Recorded data:
»»

(* The following quantifier-free set theories are all non-convex: $\mathsf{MLSS}$ ($\mathsf{MLS}$ extended with literals $x=\{y\}$), $\mathsf{MLSP}$ ($\mathsf{MLS}$ extended with literals $x=\mathcal{P}(y)$), $\mathsf{MLSSP}$ ($\mathsf{MLS}$ extended with both), $\mathsf{MLSU}$ ($\mathsf{MLS}$ extended with literals $x=\bigcup y$), $\mathsf{MLS}\times$ ($\mathsf{MLS}$ extended with the Cartesian product $y\times z$), $\mathsf{MLS}\otimes$ ($\mathsf{MLS}$ extended with the unordered Cartesian product $y\otimes z$), $\mathsf{BST}\times$ and $\mathsf{BST}\otimes$ (Boolean set theory $\mathsf{BST}$ extended with the Cartesian product, respectively the unordered Cartesian product).
   Context: $\mathsf{MLS}$ is the quantifier-free propositional closure of atoms $x=\varnothing$, $x=y$, $x\subseteq y$, $x\in y$, $x=y\setminus z$, $x=y\cup z$, $x=y\cap z$ over set variables. $\mathsf{BST}$ consists of conjunctions of literals of the forms $s=\varnothing$, $s\neq\varnothing$, $s\cap t=\varnothing$, $s\cap t\neq\varnothing$, $s\subseteq t$, $s\not\subseteq t$, $s=t$, $s\neq t$, where $s,t$ are terms built from set variables with $\cup,\cap,\setminus$ (no membership). Formulae are interpreted by set assignments (maps from finitely many set variables into the von Neumann universe) with the usual meanings; $\mathcal{P}$ is powerset, $\bigcup y$ is the union of the members of $y$, $\times$ is the Cartesian product of ordered pairs, and $y\otimes z=\{\{a,b\}\mid a\in y,\ b\in z\}$. A theory is convex if for every conjunction of its literals $\psi$ and every finite nonempty disjunction $\bigvee_i x_i=y_i$ of equalities, whenever every set assignment satisfying $\psi$ satisfies the disjunction, some single disjunct $x_i=y_i$ is satisfied by every set assignment satisfying $\psi$. *)

(* A model of the set-theoretic universe: Aczel's
   well-founded trees ("sets as trees"), with extensional equality eqV and
   membership memV. *)
From Stdlib Require Import List.
Import ListNotations.

Inductive V : Type := sup (A : Type) (f : A -> V).

Definition idx (x : V) : Type := match x with sup A _ => A end.
Definition elt (x : V) : idx x -> V := match x with sup _ f => f end.

Fixpoint eqV (x y : V) {struct x} : Prop :=
  match x, y with
  | sup A f, sup B g =>
      (forall a, exists b, eqV (f a) (g b)) /\ (forall b, exists a, eqV (f a) (g b))
  end.

Definition memV (x y : V) : Prop := exists b : idx y, eqV x (elt y b).

Definition subV (x y : V) : Prop := forall z, memV z x -> memV z y.

Definition emptyV : V := sup False (fun e => match e with end).
Definition singV (y : V) : V := sup unit (fun _ => y).
Definition upairV (a b : V) : V := sup bool (fun t => if t then a else b).
Definition opairV (a b : V) : V := upairV (singV a) (upairV a b).
Definition unionV (y z : V) : V :=
  sup (idx y + idx z) (fun s => match s with inl a => elt y a | inr b => elt z b end).
Definition interV (y z : V) : V :=
  sup {a : idx y | memV (elt y a) z} (fun s => elt y (proj1_sig s)).
Definition diffV (y z : V) : V :=
  sup {a : idx y | ~ memV (elt y a) z} (fun s => elt y (proj1_sig s)).
Definition powV (y : V) : V :=
  sup (idx y -> Prop) (fun P => sup {a : idx y | P a} (fun s => elt y (proj1_sig s))).
Definition bigunionV (y : V) : V :=
  sup {a : idx y & idx (elt y a)} (fun s => elt (elt y (projT1 s)) (projT2 s)).
Definition prodV (y z : V) : V :=
  sup (idx y * idx z) (fun p => opairV (elt y (fst p)) (elt z (snd p))).
Definition uprodV (y z : V) : V :=
  sup (idx y * idx z) (fun p => upairV (elt y (fst p)) (elt z (snd p))).

Definition assignment := nat -> V.

Inductive atom : Type :=
| AEmpty  (x : nat)
| AEq     (x y : nat)
| ASub    (x y : nat)
| AMem    (x y : nat)
| ADiff   (x y z : nat)
| AUnion  (x y z : nat)
| AInter  (x y z : nat)
| ASingle (x y : nat)
| APow    (x y : nat)
| ABigU   (x y : nat)
| AProd   (x y z : nat)
| AUProd  (x y z : nat).

Definition sat_atom (s : assignment) (a : atom) : Prop :=
  match a with
  | AEmpty x => eqV (s x) emptyV
  | AEq x y => eqV (s x) (s y)
  | ASub x y => subV (s x) (s y)
  | AMem x y => memV (s x) (s y)
  | ADiff x y z => eqV (s x) (diffV (s y) (s z))
  | AUnion x y z => eqV (s x) (unionV (s y) (s z))
  | AInter x y z => eqV (s x) (interV (s y) (s z))
  | ASingle x y => eqV (s x) (singV (s y))
  | APow x y => eqV (s x) (powV (s y))
  | ABigU x y => eqV (s x) (bigunionV (s y))
  | AProd x y z => eqV (s x) (prodV (s y) (s z))
  | AUProd x y z => eqV (s x) (uprodV (s y) (s z))
  end.

Record mls_ext : Type := { e_single : bool; e_pow : bool; e_bigu : bool;
                           e_prod : bool; e_uprod : bool }.

Definition atom_ok (E : mls_ext) (a : atom) : bool :=
  match a with
  | ASingle _ _ => e_single E
  | APow _ _ => e_pow E
  | ABigU _ _ => e_bigu E
  | AProd _ _ _ => e_prod E
  | AUProd _ _ _ => e_uprod E
  | _ => true
  end.

Definition mlit := (bool * atom)%type.
Definition sat_mlit (s : assignment) (l : mlit) : Prop :=
  if fst l then sat_atom s (snd l) else ~ sat_atom s (snd l).

Inductive bterm : Type :=
| TVar (x : nat)
| TUnion (s t : bterm)
| TInter (s t : bterm)
| TDiff (s t : bterm)
| TProd (s t : bterm)
| TUProd (s t : bterm).

Fixpoint eval (s : assignment) (t : bterm) : V :=
  match t with
  | TVar x => s x
  | TUnion a b => unionV (eval s a) (eval s b)
  | TInter a b => interV (eval s a) (eval s b)
  | TDiff a b => diffV (eval s a) (eval s b)
  | TProd a b => prodV (eval s a) (eval s b)
  | TUProd a b => uprodV (eval s a) (eval s b)
  end.

Fixpoint bterm_ok (prod uprod : bool) (t : bterm) : bool :=
  match t with
  | TVar _ => true
  | TUnion a b | TInter a b | TDiff a b => bterm_ok prod uprod a && bterm_ok prod uprod b
  | TProd a b => prod && bterm_ok prod uprod a && bterm_ok prod uprod b
  | TUProd a b => uprod && bterm_ok prod uprod a && bterm_ok prod uprod b
  end.

Inductive batom : Type :=
| BEmpty (s : bterm)
| BDisj  (s t : bterm)
| BSub   (s t : bterm)
| BEq    (s t : bterm).

Definition sat_batom (σ : assignment) (a : batom) : Prop :=
  match a with
  | BEmpty s => eqV (eval σ s) emptyV
  | BDisj s t => eqV (interV (eval σ s) (eval σ t)) emptyV
  | BSub s t => subV (eval σ s) (eval σ t)
  | BEq s t => eqV (eval σ s) (eval σ t)
  end.

Definition batom_ok (prod uprod : bool) (a : batom) : bool :=
  match a with
  | BEmpty s => bterm_ok prod uprod s
  | BDisj s t | BSub s t | BEq s t => bterm_ok prod uprod s && bterm_ok prod uprod t
  end.

Definition blit := (bool * batom)%type.
Definition sat_blit (σ : assignment) (l : blit) : Prop :=
  if fst l then sat_batom σ (snd l) else ~ sat_batom σ (snd l).

Definition convex {L : Type} (ok : L -> bool) (sat : assignment -> L -> Prop) : Prop :=
  forall (psi : list L) (eqs : list (nat * nat)),
    (forall l, In l psi -> ok l = true) ->
    eqs <> [] ->
    (forall σ : assignment, (forall l, In l psi -> sat σ l) ->
        exists p, In p eqs /\ eqV (σ (fst p)) (σ (snd p))) ->
    exists p, In p eqs /\
      forall σ : assignment, (forall l, In l psi -> sat σ l) -> eqV (σ (fst p)) (σ (snd p)).

Definition mls_convex (E : mls_ext) : Prop :=
  convex (fun l : mlit => atom_ok E (snd l)) sat_mlit.
Definition bst_convex (prod uprod : bool) : Prop :=
  convex (fun l : blit => batom_ok prod uprod (snd l)) sat_blit.

Definition MLSS  := {| e_single := true;  e_pow := false; e_bigu := false; e_prod := false; e_uprod := false |}.
Definition MLSP  := {| e_single := false; e_pow := true;  e_bigu := false; e_prod := false; e_uprod := false |}.
Definition MLSSP := {| e_single := true;  e_pow := true;  e_bigu := false; e_prod := false; e_uprod := false |}.
Definition MLSU  := {| e_single := false; e_pow := false; e_bigu := true;  e_prod := false; e_uprod := false |}.
Definition MLSx  := {| e_single := false; e_pow := false; e_bigu := false; e_prod := true;  e_uprod := false |}.
Definition MLSo  := {| e_single := false; e_pow := false; e_bigu := false; e_prod := false; e_uprod := true |}.

(* Each non-convexity is witnessed by a conjunction all of whose models
   satisfy one of two variable equalities, plus two models each violating one
   of them.  Writing x, y, z for the variables 0, 1, 2: in MLSS, MLSP, MLSSP
   and MLSU, the literals x = ∅, z ⊆ y and a definition of y as {∅} (y = {x},
   y = P(x), or ⋃y = x with y ≠ ∅) force z = x or z = y, and both z = ∅ and
   z = {∅} give models.  In the product theories, x = ∅ and y × z = ∅ (resp.
   y ⊗ z; written x = y × z in MLS) force y = x or z = x, while either factor
   alone may be {∅}. *)
From Stdlib Require Import List Classical.
Import ListNotations.

Lemma eqV_refl (x : V) : eqV x x.
Proof. induction x as [A f IH]; split; intros a; exists a; apply IH. Qed.

Lemma eqV_sym (x y : V) : eqV x y -> eqV y x.
Proof.
  revert y; induction x as [A f IH]; intros [B g] [Hfg Hgf]; split.
  - intros b; destruct (Hgf b) as [a Hab]; exists a; apply IH, Hab.
  - intros a; destruct (Hfg a) as [b Hab]; exists b; apply IH, Hab.
Qed.

Definition is_empty (u : V) : Prop := idx u -> False.

Definition is_one (u : V) : Prop := inhabited (idx u) /\ forall i, is_empty (elt u i).

Definition oneV : V := singV emptyV.

Lemma is_empty_eqV (u v : V) : eqV u v -> is_empty u -> is_empty v.
Proof. destruct u, v; intros [_ Hvu] Hu b; destruct (Hvu b) as [a _]; exact (Hu a). Qed.

Lemma empty_eqV (u v : V) : is_empty u -> is_empty v -> eqV u v.
Proof. destruct u, v; intros Hu Hv; split; intros a; [destruct (Hu a) | destruct (Hv a)]. Qed.

Lemma eqV_emptyV (u : V) : eqV u emptyV <-> is_empty u.
Proof.
  split; intros Hu.
  - apply (is_empty_eqV emptyV); [apply eqV_sym, Hu | intros []].
  - apply empty_eqV; [exact Hu | intros []].
Qed.

Lemma is_empty_emptyV : is_empty emptyV.
Proof. intros []. Qed.

Lemma is_one_eqV (u v : V) : eqV u v -> is_one u -> is_one v.
Proof.
  destruct u as [A f], v as [B g]; intros [Hfg Hgf] [[a] Hf]; split.
  - destruct (Hfg a) as [b _]; exact (inhabits b).
  - intros b; destruct (Hgf b) as [a' Hab]; exact (is_empty_eqV _ _ Hab (Hf a')).
Qed.

Lemma one_eqV (u v : V) : is_one u -> is_one v -> eqV u v.
Proof.
  destruct u as [A f], v as [B g]; intros [[a] Hf] [[b] Hg]; split.
  - intros a'; exists b; apply empty_eqV; auto.
  - intros b'; exists a; apply empty_eqV; auto.
Qed.

Lemma is_one_oneV : is_one oneV.
Proof. split; [exact (inhabits tt) | intros i; exact is_empty_emptyV]. Qed.

Lemma not_is_empty_inhabited (u : V) : ~ is_empty u -> inhabited (idx u).
Proof. intros Hu; apply NNPP; intros Hno; apply Hu; intros i; exact (Hno (inhabits i)). Qed.

Lemma sub_one_cases (x y : V) : is_one x -> subV y x -> is_empty y \/ is_one y.
Proof.
  intros [_ Hx] Hyx.
  destruct (classic (is_empty y)) as [Hy | Hy]; [left; exact Hy | right].
  split; [exact (not_is_empty_inhabited y Hy) |].
  intros i; destruct (Hyx (elt y i) (ex_intro _ i (eqV_refl _))) as [b Hb].
  exact (is_empty_eqV _ _ (eqV_sym _ _ Hb) (Hx b)).
Qed.

Lemma is_one_singV (e : V) : is_empty e -> is_one (singV e).
Proof. intros He; split; [exact (inhabits tt) | intros i; exact He]. Qed.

««

Your task: What you give back should be only the lines of the records above, starting at the line with "(prodV (s y) (s z))" and ending at the line with "Definition sat_mlit (s", restated word for word.

Solution below:
  | AProd x y z => eqV (s x) (prodV (s y) (s z))
  | AUProd x y z => eqV (s x) (uprodV (s y) (s z))
  end.

Record mls_ext : Type := { e_single : bool; e_pow : bool; e_bigu : bool;
                           e_prod : bool; e_uprod : bool }.

Definition atom_ok (E : mls_ext) (a : atom) : bool :=
  match a with
  | ASingle _ _ => e_single E
  | APow _ _ => e_pow E
  | ABigU _ _ => e_bigu E
  | AProd _ _ _ => e_prod E
  | AUProd _ _ _ => e_uprod E
  | _ => true
  end.

Definition mlit := (bool * atom)%type.
Definition sat_mlit (s : assignment) (l : mlit) : Prop :=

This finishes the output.